Sure you'll snap at each other, and fight. But its what happens after that fight that defines your relationship with them. If you can forgive each other and move on all the stronger for it. Or accept that you have a difference of opinion and still stay friendly with each other. Then that's someone worth everything in the world to find. That's friendship mate, and finding it is something all hope to find and work towards every day. Least we are pulled down into the cruel world around us.
Look... I know I'm just a stranger on the internet typing all these words on a keyboard. But I've been there. Alone for more years then I care to recount. It's hell having nobody to really connect to... so look...I don't know if any of that makes sense. But I'll gladly be there for you if you want someone to talk too. I may take a while to respond cause my sleep schedule trash. But I'll be there if you want someone to be there. Cause everyone deserves to be happy, with friends who'll support them. Even you. So I hope despite anything that might have happened today. You have a good day.
See, that's the funny thing about true friends... they don't care.
They don't care if you've been wrong in the past, they don't care if you've made mistakes, and they don't care if you vent. And they definitely don't care if you think you deserve their friendship.
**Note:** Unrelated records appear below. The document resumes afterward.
Definition discX (m n : nat) (M : 'M[bool]_(m, n)) (X : 'M[R]_(m + n)) : R :=
  frob X (symmetrization M) - density M * frob X (bipL m n).

Definition psd (N : nat) (X : 'M[R]_N) : Prop :=
  X^T = X /\ forall v : 'cV[R]_N, 0 <= (v^T *m X *m v) 0 0.

(* pdisc(M) = max { disc(X) : X symmetric PSD, X_ii <= 1 } (as a sup; the
   feasible set is compact and nonempty, so the sup is attained). *)
Definition pdisc (m n : nat) (M : 'M[bool]_(m, n)) : R :=
  sup [set discX M X | X in [set X : 'M[R]_(m + n) |
                              psd X /\ forall i, X i i <= 1]].

End Disc.

From HB Require Import structures.
From mathcomp Require Import all_boot all_order all_algebra.
From mathcomp Require Import classical_sets reals.
From mathcomp Require Import ring lra.
Set Implicit Arguments. Unset Strict Implicit. Unset Printing Implicit Defensive.
Import Order.TTheory GRing.Theory Num.Theory.
Local Open Scope ring_scope.

(* Lower bounds: for P, Q the rank-one matrix built from the indicator vector of
   P and Q is feasible and has disc equal to 2 disc(P, Q), so pdisc >= 2 disc^+.
   The discrepancies of the four quadrants (P or ~P) x (Q or ~Q) sum to zero,
   hence |disc(P, Q)| <= 3 disc^+ and |disc(P, Q)| <= 3 disc^-.

   Upper bound: a feasible X is the Gram matrix of vectors of norm at most 1
   (Cholesky elimination), and disc(X) = 2 sum_ab (M_ab - p) <x_a, y_b>.  So it
   suffices to prove a Grothendieck-type inequality
   sum_ab B_ab <x_a, y_b> <= 512 D for every matrix B whose sums over all
   rectangles are at most D in absolute value.  Write <x, y> = E[(x.e)(y.e)]
   for uniform random signs e, and split each Rademacher sum x.e at height 8.
   The clipped parts are bounded by 8, so they contribute at most 4 * 8 * 8 * D;
   by Khintchine's fourth-moment bound the tails have L2-norm at most 1/4, so
   they contribute at most half of the supremum S of the form itself.  Hence
   S <= 256 D + S / 2. *)

Section SignSequences.
Variable R : realFieldType.

Definition sign (b : bool) : R := if b then 1 else -1.

(* A sign vector is a [seq bool] (true for +1); [sign_comb u s] is the Rademacher
   sum [\sum_k u k * s_k], and averaging over [sign_seqs K] is the expectation
   over K independent uniform signs. *)
Fixpoint sign_seqs (K : nat) : seq (seq bool) :=
  if K is K'.+1 then
    [seq true :: s | s <- sign_seqs K'] ++ [seq false :: s | s <- sign_seqs K']
  else [:: [::]].

Fixpoint sign_comb (u : nat -> R) (s : seq bool) : R :=
  if s is b :: s' then u 0%N * sign b + sign_comb (fun k => u k.+1) s' else 0.

Lemma size_sign_seqs K : size (sign_seqs K) = (2 ^ K)%N.
Proof. by elim: K => //= K IH; rewrite size_cat !size_map IH expnS mul2n addnn. Qed.

Lemma big_sign_seqsS K (f : seq bool -> R) :
  \sum_(s <- sign_seqs K.+1) f s =
  \sum_(s <- sign_seqs K) f (true :: s) + \sum_(s <- sign_seqs K) f (false :: s).
Proof. by rewrite /= big_cat !big_map. Qed.

Lemma sum_sign_seqs_const K (c : R) : \sum_(s <- sign_seqs K) c = c * (2 ^ K)%:R.
Proof.
elim: K => [|K IH]; first by rewrite big_seq1 mulr1.
by rewrite big_sign_seqsS IH expnS natrM; ring.
Qed.

Lemma sum_sign_seqs_nth K (f : seq bool -> R) :
  \sum_(t < 2 ^ K) f (nth [::] (sign_seqs K) t) = \sum_(s <- sign_seqs K) f s.
Proof. by rewrite (big_nth [::]) size_sign_seqs big_mkord. Qed.

Lemma sign_comb_orthogonal K (u v : nat -> R) :
  \sum_(s <- sign_seqs K) sign_comb u s * sign_comb v s =
  (2 ^ K)%:R * \sum_(k < K) u k * v k.
Proof.
elim: K u v => [|K IH] u v; first by rewrite big_ord0 big_seq1 /= !mulr0.
rewrite big_sign_seqsS -big_split /= big_ord_recl expnS natrM.
set u' := fun k => u k.+1; set v' := fun k => v k.+1.
rewrite (eq_bigr (fun s =>
    2 * (u 0%N * v 0%N) + 2 * (sign_comb u' s * sign_comb v' s))); last first.
  by move=> s _; rewrite /sign; ring.
by rewrite big_split /= -!mulr_sumr sum_sign_seqs_const IH; ring.
Qed.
What makes people friends is the simple fact that they enjoy each other's company and/or admire and respect each other as individual people.
It's hard for most people to give a well thought out explanation as to why they find friendship in other people, or why they enjoy having them as a friend.
I know what it's like to doubt yourself, and feel like you're not worthy of friendship. I know it all too well, but it might be that it's only because I didn't understand how simple it could be.
Thus, to paraphrase a quote from a very dear friend of mine: "I'm your friend, I like you. Deal with it."
4831554
To that last quote -
Yes, it's true that friendship has strange bonds that come with it, and for me, it's been that way for quite some time. I made friends with people I didn't think I would, and the strange thing about that is that those people were almost always guys. In my entire life, I can only count a small number of women I could actually talk to without feeling daft.
As far as venting and respect goes, I show that in the form of guitar playing, and I'll be honest about that - In the traditional (not really) English saying, ''Ow, my bloody fingers!!!''. I respected so many people that I've written both poetry and songs about them. I've always been nice to people because they were always nice back, even when we didn't know much about each other. A perfect example is that fact that I'm talking to you right now. I don't know you in real life, but I'm always respectful and I like you enough to call you a friend.
(Oh, and don't tell me that you think that the British are always so polite and well-mannered and good-natured, because that stereotype is so, so, so not right nor accurate. We can be as much as a bitch as the next person, and believe me, there are some that I can name quite easily.)